Specializes in Telemetry.

I think this is probably a blessing in disguise for you.

That said, you mention that you keep getting fired from every job you get... that would be cause for me to take a moment of pause, be brutally honest with myself and reflect on how I contributed to losing the jobs and how I can improve. You may find you really were completely innocent, or you may find that when you are really honest with yourself that you contributed in someway, and use that as an opportunity to grow and better prepare yourself for your next position.

Best of luck to you!

Specializes in ER, ICU, Infusion, peds, informatics.
i think this is probably a blessing in disguise for you.

that said, you mention that you keep getting fired from every job you get... that would be cause for me to take a moment of pause, be brutally honest with myself and reflect on how i contributed to losing the jobs and how i can improve. you may find you really were completely innocent, or you may find that when you are really honest with yourself that you contributed in someway, and use that as an opportunity to grow and better prepare yourself for your next position.

best of luck to you!

i agree completely, and was getting ready to say something similar.

op, you say you "keep getting fired." is that more than the two jobs you talked about here?

if it is the two situations you talked about here, i wouldn't worry about it too much. nusring homes can be very difficult places to work. the dynamics between the staff memebers themseleves, and the dynamics between the staff and the patient familes, can take some getting used to.

however, if there are more instances where you have been fired (and don't feel like you need to tell us -- you don't) then some reflection is most definitely in order.
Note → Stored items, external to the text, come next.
(* Otherwise a x >= eps / x eventually, and the harmonic series diverges. *)
Lemma summable_small_index_mul (a : nat -> R) B : (forall x, 0 <= a x) ->
  (forall N, sum_lt a N <= B) ->
  forall eps N0, 0 < eps -> exists x, (N0 <= x)%nat /\ INR x * a x < eps.
Proof.
  intros Ha HB eps N0 Heps. apply NNPP. intros Hno.
  set (n := Nat.max N0 1).
  assert (Hlow : forall x, (n <= x)%nat -> eps * / INR x <= a x).
  { intros x Hx. assert (Hx0 : 0 < INR x) by (apply lt_0_INR; lia).
    assert (eps <= INR x * a x) by (apply Rnot_lt_le; intros Hlt; apply Hno; exists x; split; [lia | auto]).
    apply (Rmult_le_reg_l (INR x)); auto.
    replace (INR x * (eps * / INR x)) with eps by (field; lra). auto. }
  destruct (INR_unbounded (2 * B / eps)) as [j Hj].
  pose proof (harmonic_block_ge n j ltac:(lia)).
  assert (eps * sum_lt (fun x => if (n <=? x)%nat then / INR x else 0) (2 ^ j * n)
          <= sum_lt a (2 ^ j * n)).
  { rewrite <- sum_lt_scal. apply sum_lt_le. intros x _.
    destruct (Nat.leb_spec n x); [apply Hlow; auto | rewrite Rmult_0_r; apply Ha]. }
  pose proof (HB (2 ^ j * n)%nat).
  assert (Hj' : 2 * B < eps * INR j).
  { apply (Rmult_lt_compat_l eps) in Hj; auto.
    replace (eps * (2 * B / eps)) with (2 * B) in Hj by (field; lra). lra. }
  assert (eps * (INR j / 2) <= eps * sum_lt (fun x => if (n <=? x)%nat then / INR x else 0) (2 ^ j * n))
    by (apply Rmult_le_compat_l; lra).
  lra.
Qed.

Section MomentBound.
Variables (lam mu : R) (P : R -> nat -> nat -> R) (tau : nat -> R) (m : nat) (K t : R).
Hypothesis lam_gt0 : 0 < lam.
Hypothesis mu_gt0 : 0 < mu.
Hypothesis P_tf : is_transition_fn lam mu P.
Hypothesis tau_prob : is_prob tau.
Hypothesis m_ge1 : (1 <= m)%nat.
Hypothesis t_ge0 : 0 <= t.
Hypothesis K_int :
  is_RInt_gen (fun x => h m (lam / mu) x * Rabs (cdf tau x - cdf (pistar (lam / mu)) x))
    (at_point 0) (Rbar_locally p_infty) K.

Local Notation th := (lam / mu).
Local Notation decay := (exp (- mu * t - lam / mu * (exp (- mu * t) + mu * t - 1))).
Local Notation init_gap k := (sum_lt tau (S k) - sum_lt (pistar (lam / mu)) (S k)).

Lemma th_ge0 : 0 <= th.
Proof. apply Rlt_le, Rdiv_lt_0_compat; auto. Qed.

Lemma decay_eq : decay = exp (- (mu + lam) * t) * exp (poisson_mean lam mu t).
Proof. unfold poisson_mean. rewrite <- exp_plus. f_equal. field. lra. Qed.

Lemma kernel_shift_le k n :
  kernel lam mu t k (k + n) <= exp (- (mu + lam) * t) * exp_term (poisson_mean lam mu t) n.
Proof.
  unfold kernel. destruct (Nat.leb_spec k (k + n)); [|lia]. replace (k + n - k)%nat with n by lia.
  apply Rmult_le_compat_r; [apply exp_term_ge0, poisson_mean_bounds; auto|].
  apply exp_le_mono. pose proof (pos_INR k). assert (0 <= mu * INR k * t) by (repeat apply Rmult_le_pos; lra).
  nra.
Qed.

Lemma sum_pow_diff_kernel_le k N :
  sum_lt (fun x => pow_diff m (INR x) * kernel lam mu t k x) N <= decay * mean_pow_diff m th k.
Proof.
  set (a := poisson_mean lam mu t). pose proof (poisson_mean_bounds lam mu lam_gt0 mu_gt0 t t_ge0) as Ha.
  set (G := fun n => pow_diff m (INR k + INR n)).
  assert (G_ge0 : forall n, 0 <= G n) by (intros n; apply pow_diff_ge0; pose proof (pos_INR k); pose proof (pos_INR n); lra).
  assert (G_mono : forall n, G n <= G (S n)).
  { intros n. apply pow_diff_mono. rewrite S_INR. pose proof (pos_INR k); pose proof (pos_INR n); lra. }
  assert (HGth := ex_series_pow_diff m th k th_ge0). fold G in HGth.
  assert (HGa := ex_series_poisson_le G a th Ha G_ge0 HGth).
  assert (Hterm_ge0 : forall x, 0 <= pow_diff m (INR x) * kernel lam mu t k x).
  { intros x. apply Rmult_le_pos; [apply pow_diff_ge0, pos_INR | apply kernel_bounds; auto]. }
  eapply Rle_trans; [apply (sum_lt_le_longer _ N (k + N)); auto; lia|].
  rewrite sum_lt_add, sum_lt_eq0, Rplus_0_l by (intros; rewrite kernel_lt by lia; ring).
  apply Rle_trans with (exp (- (mu + lam) * t) * sum_lt (fun n => G n * exp_term a n) N).
  { rewrite <- sum_lt_scal. apply sum_lt_le. intros n _. unfold G. rewrite plus_INR.
    rewrite (Rmult_comm (exp _)), Rmult_assoc. apply Rmult_le_compat_l; [apply G_ge0|].
    rewrite Rmult_comm. apply kernel_shift_le. }
  pose proof (exp_pos (- (mu + lam) * t)). pose proof (exp_pos a).
  apply Rle_trans with (exp (- (mu + lam) * t) * Series (fun n => G n * exp_term a n)).
  { apply Rmult_le_compat_l; [lra|]. apply sum_lt_le_series; [|apply Series_correct; auto].
    intros n. apply Rmult_le_pos; auto. apply exp_term_ge0, Ha. }
  pose proof (poisson_expectation_mono G a th Ha G_ge0 G_mono HGth) as Hmono.
  rewrite decay_eq, Rmult_assoc. fold a. apply Rmult_le_compat_l; [lra|].
  replace (Series (fun n => G n * exp_term a n))
    with (exp a * (exp (- a) * Series (fun n => G n * exp_term a n)))
    by (rewrite <- Rmult_assoc, <- exp_plus, Rplus_opp_r, exp_0; ring).
  apply Rmult_le_compat_l; [lra | exact Hmono].
Qed.

Lemma K_integrand_ge0 y : 0 <= y ->
  0 <= h m th y * Rabs (cdf tau y - cdf (pistar th) y).
Proof. intros Hy. apply Rmult_le_pos; [apply h_ge0; auto; apply th_ge0 | apply Rabs_pos]. Qed.

Lemma sum_pow_diff_kernel_gap_le N :
  sum_lt (fun x => pow_diff m (INR x) *
                   Rabs (sum_lt (fun k => kernel lam mu t k x * init_gap k) (S x))) N
  <= INR m * K * decay.
Proof.
  set (g := fun y => h m th y * Rabs (cdf tau y - cdf (pistar th) y)).
  apply Rle_trans with
    (sum_lt (fun x => sum_lt (fun k => Rabs (init_gap k) * (pow_diff m (INR x) * kernel lam mu t k x)) N) N).
  { apply sum_lt_le. intros x Hx. pose proof (pow_diff_ge0 m (INR x) (pos_INR x)).
    eapply Rle_trans; [apply Rmult_le_compat_l; [auto | apply sum_lt_abs]|].
    rewrite <- sum_lt_scal.
    rewrite (sum_lt_vanishing_tail _ (S x) N) by (lia || (intros; rewrite kernel_lt by lia; ring)).
    apply sum_lt_le. intros k _.
    rewrite Rabs_mult, (Rabs_pos_eq (kernel _ _ _ _ _)) by (apply kernel_bounds; auto).
    right; ring. }
  rewrite sum_lt_swap.
  apply Rle_trans with (sum_lt (fun k => decay * (INR m * RInt g (INR k) (INR k + 1))) N).
  { apply sum_lt_le. intros k _. rewrite sum_lt_scal.
    apply Rle_trans with (Rabs (init_gap k) * (decay * mean_pow_diff m th k)).
    { apply Rmult_le_compat_l; [apply Rabs_pos | apply sum_pow_diff_kernel_le]. }
    rewrite Rmult_comm, Rmult_assoc. apply Rmult_le_compat_l; [left; apply exp_pos|].
    rewrite Rmult_comm. apply cdf_gap_mean_pow_diff_le; auto; [apply th_ge0|].
    pose proof (pos_INR k). apply (ex_RInt_Chasles_2 g 0 (INR k) (INR k + 1)); [lra|].
    apply (ex_RInt_from0 g K K_int); lra. }
  rewrite !sum_lt_scal, <- (RInt_from0_unit_intervals g K K_int).
  pose proof (RInt_from0_le g K K_integrand_ge0 K_int (INR N) (pos_INR N)).
  pose proof (exp_pos (- mu * t - th * (exp (- mu * t) + mu * t - 1))). pose proof (pos_INR m).
  rewrite (Rmult_comm _ decay). apply Rmult_le_compat_l; [lra|]. apply Rmult_le_compat_l; lra.
Qed.

Local Notation cdf_gap x := (sum_lt (fun j => law_at tau P t j - pistar (lam / mu) j) (S x)).

Lemma sum_pow_diff_cdf_gap_le N :
  sum_lt (fun x => pow_diff m (INR x) * Rabs (cdf_gap x)) N <= INR m * K * decay.
Proof.
  eapply Rle_trans; [|apply (sum_pow_diff_kernel_gap_le N)]. right.
  apply sum_lt_ext. intros x _. rewrite (cdf_gap_eq lam mu P tau); auto.
Qed.

Lemma moment_gap_by_parts N :
  sum_lt (fun j => INR j ^ m * (law_at tau P t j - pistar th j)) (S N)
  = INR N ^ m * cdf_gap N - sum_lt (fun x => pow_diff m (INR x) * cdf_gap x) N.
Proof.
  rewrite sum_lt_by_parts. f_equal. apply sum_lt_ext. intros x _.
  unfold pow_diff. rewrite S_INR. reflexivity.
Qed.

Lemma cdf_gap_le_tail N : cdf_gap N <= pistar_tail th N.
Proof.
  rewrite sum_lt_minus, (sum_lt_pistar _ _ th_ge0).
  pose proof (sum_lt_law_le1 lam mu P tau P_tf tau_prob t N t_ge0). lra.
Qed.

Lemma ex_series_pow_exp_term_th : ex_series (fun n => INR n ^ m * exp_term th n).
Proof.
  apply (ex_series_ext (fun n => (0 + INR n) ^ m * exp_term th n)).
  - intros n. rewrite Rplus_0_l. reflexivity.
  - apply ex_series_pow_exp_term; [lra | apply th_ge0].
Qed.

Lemma ex_series_moment_pistar : ex_series (fun j => INR j ^ m * pistar th j).
Proof.
  apply ex_series_le_nonneg with (fun n => INR n ^ m * exp_term th n);
    [|apply ex_series_pow_exp_term_th].
  intros n. pose proof (pistar_bounds th n th_ge0). pose proof (pow_le (INR n) m (pos_INR n)).
  split; [apply Rmult_le_pos|apply Rmult_le_compat_l]; lra.
Qed.

Lemma ex_series_moment_law : ex_series (fun j => INR j ^ m * law_at tau P t j).
Proof.
  set (u := fun N => sum_lt (fun j => INR j ^ m * law_at tau P t j) N).
  assert (Hterm : forall j, 0 <= INR j ^ m * law_at tau P t j).
  { intros j. apply Rmult_le_pos; [apply pow_le, pos_INR | apply (law_at_ge0 lam mu P tau); auto]. }
  set (M1 := Series (fun n => INR n ^ m * exp_term th n)).
  set (SP := Series (fun j => INR j ^ m * pistar th j)).
  assert (Hu : forall N, u (S N) <= th * M1 + INR m * K * decay + SP).
  { intros N. unfold u.
    rewrite (sum_lt_ext _ (fun j => INR j ^ m * (law_at tau P t j - pistar th j) + INR j ^ m * pistar th j))
      by (intros; ring).
    rewrite sum_lt_plus, moment_gap_by_parts.
    assert (Hlead : INR N ^ m * cdf_gap N <= th * M1).
    { pose proof (pow_le (INR N) m (pos_INR N)). pose proof (pistar_tail_bounds th N th_ge0).
      apply Rle_trans with (INR N ^ m * (th * exp_term th N)).
      { apply Rmult_le_compat_l; [lra|]. eapply Rle_trans; [apply cdf_gap_le_tail | lra]. }
      replace (INR N ^ m * (th * exp_term th N)) with (th * (INR N ^ m * exp_term th N)) by ring.
      apply Rmult_le_compat_l; [apply th_ge0|].
      apply (term_le_series (fun n => INR n ^ m * exp_term th n)); [|apply Series_correct, ex_series_pow_exp_term_th].
      intros n. apply Rmult_le_pos; [apply pow_le, pos_INR | apply exp_term_ge0, th_ge0]. }
    assert (Hsum : - sum_lt (fun x => pow_diff m (INR x) * cdf_gap x) N <= INR m * K * decay).
    { eapply Rle_trans; [apply Rle_abs|]. rewrite Rabs_Ropp.
      eapply Rle_trans; [apply sum_lt_abs | eapply Rle_trans; [|apply (sum_pow_diff_cdf_gap_le N)]].
      right. apply sum_lt_ext. intros x _. rewrite Rabs_mult, Rabs_pos_eq; [reflexivity|].
      apply pow_diff_ge0, pos_INR. }
    assert (Hpi : sum_lt (fun j => INR j ^ m * pistar th j) (S N) <= SP).
    { apply sum_lt_le_series; [|apply Series_correct, ex_series_moment_pistar].
      intros j. apply Rmult_le_pos; [apply pow_le, pos_INR | apply pistar_bounds, th_ge0]. }
    lra. }
  destruct (ex_finite_lim_seq_incr u (th * M1 + INR m * K * decay + SP)) as [l Hl].
  - intros N. unfold u. simpl sum_lt. pose proof (Hterm N). lra.
  - intros [|N]; [|apply Hu]. eapply Rle_trans; [|apply (Hu 0%nat)].
    pose proof (Hterm 0%nat). unfold u; simpl sum_lt. simpl in *. lra.
  - exists l. apply is_series_sum_lt. exact Hl.
Qed.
you say you are a student. does your school have a career center? i highly recommend spending some time with a career counselor. tell him about your employment history, and get some good, objective feedback.

if you can, talk to the don of this facility, (or maybe the rn supervisor for your shift) about what went wrong. if it truely is just the lpns word against yours, and they are believing her, then fine. but maybe there are some other things that you arn't aware of.
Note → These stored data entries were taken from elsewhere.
Lemma tr_sld_pure L : herm_mx H -> herm_mx L ->
  icomm H P = (2%:R : C)^-1 *: (L *m P + P *m L) ->
  \tr (L *m L *m P) = 4%:R * (mx_expect phi (H *m H) 0 0 - m 0 0 ^+ 2).
Proof.
move=> Hh Lh /sld_pure_apply Lphi.
have -> : \tr (L *m L *m P) = (adjm (L *m phi) *m (L *m phi)) 0 0.
  by rewrite mulmxA mxtrace_mulC adjmM Lh !mulmxA /mxtrace big_ord1.
rewrite Lphi adjmZ -scalemxAl -scalemxAr scalerA norm2_centered //.
have -> : (2%:R * 'i%C)^* * (2%:R * 'i%C) = 4%:R :> C by apply: complex_ext => /=; ring.
rewrite [LHS]mxE [((_ - _ : 'M[C]_1) 0 0)]mxE [((- _ : 'M[C]_1) 0 0)]mxE.
by rewrite [(m *m m) 0 0]mxE big_ord1 expr2.
Qed.
End PureState.
End PureStateSLD.

Section UnitaryFamily.
Variable R : realType.
Local Notation C := R[i].
Variable k : nat.
Implicit Types (theta : 'I_k -> R) (psi : 'cV[C]_k).

Lemma sum_shift theta j t (f : 'I_k -> R) :
  \sum_l Defs.shift theta j t l * f l = \sum_l theta l * f l + t * f j.
Proof.
rewrite /Defs.shift; under eq_bigr => l _ do rewrite mulrDl.
rewrite big_split /=; congr (_ + _).
by rewrite (bigD1 j) //= eqxx big1 ?addr0 // => l /negPf ->; rewrite mul0r.
Qed.

Lemma sum_abs2_unit psi : adjm psi *m psi = 1%:M -> \sum_a abs2 (psi a 0) = 1.
Proof.
move=> /matrixP/(_ 0 0); rewrite !mxE eqxx mulr1n => psi_unit.
apply: (@complexI R); rewrite realC_sum; apply: etrans psi_unit.
by apply: eq_bigr => a _; rewrite abs2E adjmE.
Qed.

Lemma sum_abs2_sqr_le1 psi : adjm psi *m psi = 1%:M ->
  \sum_a abs2 (psi a 0) ^+ 2 <= 1.
Proof.
move=> /sum_abs2_unit w1; rewrite -[leRHS]w1; apply: ler_sum => a _.
have w_le1 : abs2 (psi a 0) <= 1.
  by rewrite -w1 (bigD1 a) //= lerDl sumr_ge0 // => b _; exact: abs2_ge0.
by rewrite expr2 ler_piMr ?abs2_ge0.
Qed.

Variable Z : 'I_k -> 'M[C]_k.
Local Notation z j a := (complex.Re (Z j a a)).

Lemma Uth_apply theta psi a :
  (Uth Z theta *m psi) a 0 = phase (\sum_j theta j * z j a) * psi a 0.
Proof. by rewrite mul_diag_mx !mxE. Qed.

Lemma Uth_unitary theta : adjm (Uth Z theta) *m Uth Z theta = 1%:M.
Proof.
rewrite adjm_diag mulmx_diag; apply/matrixP => a b; rewrite !mxE.
by rewrite phaseJ_mul.
Qed.

Lemma Uth_unit_vector theta psi : adjm psi *m psi = 1%:M ->
  adjm (Uth Z theta *m psi) *m (Uth Z theta *m psi) = 1%:M.
Proof.
by move=> psi_unit; rewrite adjmM -mulmxA (mulmxA (adjm (Uth Z theta))) Uth_unitary mul1mx.
Qed.

Lemma familyE theta psi :
  Defs.family Z psi theta = (Uth Z theta *m psi) *m adjm (Uth Z theta *m psi).
Proof. by rewrite /Defs.family adjmM !mulmxA. Qed.

Lemma family_entry theta psi a b :
  Defs.family Z psi theta a b =
    phase (\sum_j theta j * z j a - \sum_j theta j * z j b) * (psi a 0 * (psi b 0)^*).
Proof.
rewrite familyE mxE big_ord1 adjmE !Uth_apply conjCM phaseJ phaseD.
by rewrite mulrACA.
Qed.

Lemma mx_expect_Uth_diag theta psi (r : 'I_k -> R) :
  mx_expect (Uth Z theta *m psi) (diag_mx (\row_a ((r a)%:C)%C)) 0 0 =
    ((\sum_a r a * abs2 (psi a 0))%:C)%C.
Proof.
rewrite /mx_expect mxE realC_sum; apply: eq_bigr => a _.
rewrite adjmE Uth_apply (mul_diag_mx (\row_b ((r b)%:C)%C)).
rewrite [X in _ * X]mxE Uth_apply mxE conjCM realCM abs2E.
have := phaseJ_mul (\sum_j theta j * z j a).
set u := phase _ => uu; rewrite -[RHS]mulr1 -uu; ring.
Qed.

End UnitaryFamily.

Section FamilyQFI.
Variable R : realType.
Local Notation C := R[i].
Variables (k : nat) (Z : 'I_k -> 'M[C]_k).
Hypothesis Z_diag : forall j, is_diag_mx (Z j).
Hypothesis Z_herm : forall j, herm_mx (Z j).
Local Notation z j a := (complex.Re (Z j a a)).
Local Notation Zdiag j := (herm_diag_mxE (Z_diag j) (Z_herm j)).
Local Notation angle theta a := (\sum_l theta l * z l a).
Implicit Types (theta : 'I_k -> R) (psi : 'cV[C]_k).

Lemma is_pderiv_family psi theta j :
  is_pderiv (Defs.family Z psi) theta j (icomm (Z j) (Defs.family Z psi theta)).
Proof.
move=> a b.
have fam_line t : Defs.family Z psi (Defs.shift theta j t) a b =
    phase (angle theta a - angle theta b + t * (z j a - z j b)) * (psi a 0 * (psi b 0)^*).
  by rewrite family_entry !sum_shift; congr (phase _ * _); ring.
have [dRe dIm] := is_derive_phase_line fam_line.
suff -> : icomm (Z j) (Defs.family Z psi theta) a b =
    'i%C * ((z j a - z j b)%:C)%C * phase (angle theta a - angle theta b) *
    (psi a 0 * (psi b 0)^*) by [].
rewrite [in LHS](Zdiag j) mxE commutator_diag_entry family_entry !mxE realCB; ring.
Qed.

Lemma is_pderiv_unique (fam : ('I_k -> R) -> 'M[C]_k) theta j D1 D2 :
  is_pderiv fam theta j D1 -> is_pderiv fam theta j D2 -> D1 = D2.
Proof.
move=> D1P D2P; apply/matrixP => a b.
have [Re1 Im1] := D1P a b; have [Re2 Im2] := D2P a b.
apply: complex_ext.
  by rewrite -(@derive_val _ _ _ _ _ _ _ Re1) (@derive_val _ _ _ _ _ _ _ Re2).
by rewrite -(@derive_val _ _ _ _ _ _ _ Im1) (@derive_val _ _ _ _ _ _ _ Im2).
Qed.

Lemma family_herm psi theta : herm_mx (Defs.family Z psi theta).
Proof. by rewrite /herm_mx familyE adjmM adjmK. Qed.

Lemma family_idem psi theta : adjm psi *m psi = 1%:M ->
  Defs.family Z psi theta *m Defs.family Z psi theta = Defs.family Z psi theta.
Proof.
move=> /(Uth_unit_vector Z theta) v_unit.
by rewrite familyE mulmxA -(mulmxA (Uth Z theta *m psi)) v_unit mulmx1.
Qed.

Lemma is_SLD_family psi theta j : adjm psi *m psi = 1%:M ->
  is_SLD (Defs.family Z psi) theta j
    ((2%:R : C) *: icomm (Z j) (Defs.family Z psi theta)).
Proof.
move=> psi_unit; split; first exact: sld_commutator_herm (Z_herm j) (family_herm psi theta).
exists (icomm (Z j) (Defs.family Z psi theta)); split; first exact: is_pderiv_family.
exact: sld_commutator_idem (family_idem theta psi_unit).
Qed.

Lemma tr_sld_family psi theta j L : adjm psi *m psi = 1%:M ->
  is_SLD (Defs.family Z psi) theta j L ->
  complex.Re (\tr (L *m L *m Defs.family Z psi theta)) =
    4%:R * weighted_variance (fun a => abs2 (psi a 0)) (fun a => z j a).
Proof.
move=> psi_unit [Lh [D [DP Dsld]]].
have := is_pderiv_unique (is_pderiv_family psi theta j) DP; rewrite Dsld familyE => sld.
rewrite (tr_sld_pure (Uth_unit_vector Z theta psi_unit) (Z_herm j) Lh sld).
rewrite [in LHS](Zdiag j) mulmx_diag.
have -> : \row_a ((\row_b ((z j b)%:C)%C) 0 a * (\row_b ((z j b)%:C)%C) 0 a) =
    \row_a (((z j a ^+ 2)%:C)%C) :> 'rV[C]_k.
  by apply/rowP => a; rewrite !mxE -realCM expr2.
rewrite !mx_expect_Uth_diag /weighted_variance; move: (\sum_a _) (\sum_a _) => X Y.
by rewrite !expr2 /=; ring.
Qed.

Lemma diag_orthonormal : (forall j l, \tr (Z j *m Z l) = (j == l)%:R) ->
  forall j l, \sum_a z j a * z l a = (j == l)%:R.
Proof.
move=> Zorth j l; apply: (@complexI R).
rewrite realC_sum (_ : (((j == l)%:R)%:C)%C = (j == l)%:R); last by case: (j == l).
rewrite -Zorth [in RHS](Zdiag j) [in RHS](Zdiag l) mulmx_diag mxtrace_diag.
by apply: eq_bigr => a _; rewrite !mxE realCM.
Qed.

Lemma mean_qfi_family psi theta v : adjm psi *m psi = 1%:M ->
  (forall j l, \tr (Z j *m Z l) = (j == l)%:R) ->
  mean_qfi_is (Defs.family Z psi) theta v <->
  v = 4%:R / k%:R * (1 - \sum_a abs2 (psi a 0) ^+ 2).
Proof.
move=> psi_unit Zorth.
have qfi_tr L : (forall j, is_SLD (Defs.family Z psi) theta j (L j)) ->
    \tr (qfi_matrix (Defs.family Z psi) theta L) =
    4%:R * (1 - \sum_a abs2 (psi a 0) ^+ 2).
  move=> LP; rewrite /mxtrace.
  under eq_bigr => j _ do rewrite mxE (tr_sld_family psi_unit (LP j)).
  rewrite -mulr_sumr sum_weighted_variance_orthonormal; last exact: diag_orthonormal.
  by congr (_ * (_ - _)); exact: sum_abs2_unit.
split => [[L [LP ->]] | ->]; first by rewrite qfi_tr // mulrAC.
have LP j : is_SLD (Defs.family Z psi) theta j
    ((2%:R : C) *: icomm (Z j) (Defs.family Z psi theta)) by exact: is_SLD_family.
exists (fun j => (2%:R : C) *: icomm (Z j) (Defs.family Z psi theta)).
by rewrite qfi_tr // mulrAC.
Qed.

End FamilyQFI.

Section Ensembles.
Variable R : realType.
Local Notation C := R[i].
Variable k : nat.
Local Open Scope classical_set_scope.

Lemma state_dim_gt0 (rho : 'M[C]_k) : is_state rho -> (0 < k)%N.
Proof.
case=> _ _; case: k rho => // rho; rewrite /mxtrace big_ord0 => /eqP.
by rewrite eq_sym oner_eq0.
Qed.

Lemma normalmx_rank1_decomposition (A : 'M[C]_k) : A \is normalmx ->
  exists (d : 'I_k -> C) (psi : 'I_k -> 'cV[C]_k),
    [/\ forall l, adjm (psi l) *m psi l = 1%:M,
        forall l, d l = mx_expect (psi l) A 0 0 &
        A = \sum_l d l *: (psi l *m adjm (psi l))].
Proof.
move=> /orthomx_spectralP; set P := spectralmx A; set d := spectral_diag A.
have P_unitary : P \is unitarymx := spectral_unitarymx A.
have PPt : P *m adjm P = 1%:M by apply/unitarymxP.
rewrite invmx_unitary // => AE.
(* The eigenvectors are the conjugate transposed rows of the unitary P. *)
exists (fun l => d 0 l), (fun l => adjm (row l P)); split => [l | l |].
- have /matrixP/(_ l l) := PPt; rewrite [1%:M l l]mxE eqxx mulr1n => Pll.
  apply/matrixP => i j; rewrite !ord1 [1%:M 0 0]mxE mulr1n adjmK -Pll !mxE.
  by apply: eq_bigr => b _; rewrite !mxE.
- have : P *m A *m adjm P = diag_mx d.
    by rewrite [in LHS]AE !mulmxA PPt mul1mx -mulmxA PPt mulmx1.
  move=> /matrixP/(_ l l); rewrite [diag_mx d l l]mxE eqxx mulr1n => <-.
  rewrite /mx_expect mulmxA adjmK !mxE; apply: eq_bigr => j _; rewrite !mxE; congr (_ * _).
  by apply: eq_bigr => i _; rewrite !mxE.
- rewrite [LHS]AE; apply/matrixP => a b.
  rewrite mul_mx_diag summxE mxE; apply: eq_bigr => l _.
  by rewrite !mxE big_ord1 !mxE conjCK mulrCA mulrA.
Qed.

Lemma state_has_ensemble (rho : 'M[C]_k) : is_state rho ->
  exists (p : 'I_k -> R) (psi : 'I_k -> 'cV[C]_k), ensemble rho p psi.
Proof.
case=> rho_herm rho_psd rho_tr.
have /normalmx_rank1_decomposition [d [psi [psi_unit dE rhoE]]] : rho \is normalmx.
  by apply/normalmxP; rewrite (rho_herm : map_mx Num.conj rho^T = rho).
have d_ge0 l : 0 <= d l by rewrite dE /mx_expect mulmxA; exact: rho_psd.
have dR l : d l = ((complex.Re (d l))%:C)%C.
  by move: (d_ge0 l); rewrite lecE; case: (d l) => x y /= /andP[/eqP -> _].
exists (fun l => complex.Re (d l)), psi; split => //.
- by move=> l; move: (d_ge0 l); rewrite lecE => /andP[].
- apply: (@complexI R); rewrite realC_sum; apply: (etrans _ rho_tr).
  rewrite [in RHS]rhoE raddf_sum; apply: eq_bigr => l _ /=.
  by rewrite mxtraceZ mxtrace_mulC psi_unit mxtrace1 mulr1 -dR.
- by rewrite [LHS]rhoE; apply: eq_bigr => l _; rewrite -dR.
Qed.

Lemma ipr_values_neq0 (rho : 'M[C]_k) : is_state rho -> ipr_values rho !=set0.
Proof.
move=> /state_has_ensemble [p [psi ens]].
by exists (\sum_l p l * \sum_a abs2 (psi l a 0) ^+ 2), k, p, psi.
Qed.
at any rate, listen with an open mind, and thank them for their time. no matter how off-base or untrue the feedback is, just leave it at that. nursing is a small world, and you might encounter one of them again after you have your rn. you don't want to leave them with a negative impression.

then think about the feedback you were given. be honest with yourself, and apply what you can learn from.

again, good luck to you. as others have said, nursing can be tough, no matter the rank. developing a thick skin, and good self-evaluation skills now will serve you well.

I think this is probably a blessing in disguise for you.

That said, you mention that you keep getting fired from every job you get... that would be cause for me to take a moment of pause, be brutally honest with myself and reflect on how I contributed to losing the jobs and how I can improve. You may find you really were completely innocent, or you may find that when you are really honest with yourself that you contributed in someway, and use that as an opportunity to grow and better prepare yourself for your next position.

Best of luck to you!

I am trying to reflect on what I done...but what could I have done differently with the LPN??

I did what she said..she told me to go the resident and take them to the bathroom but the resident was sleep and did not want to wake up.

I told her this, but she refused to listen and said she wrote me up for being defiant.

I've been in siutations where the Nurse told me it was okay to do something only to find out that it's against policy but I still get punished for it. Okay...if you can't listen to the damn Charge Nurse WHO can you listen to when no one else is there??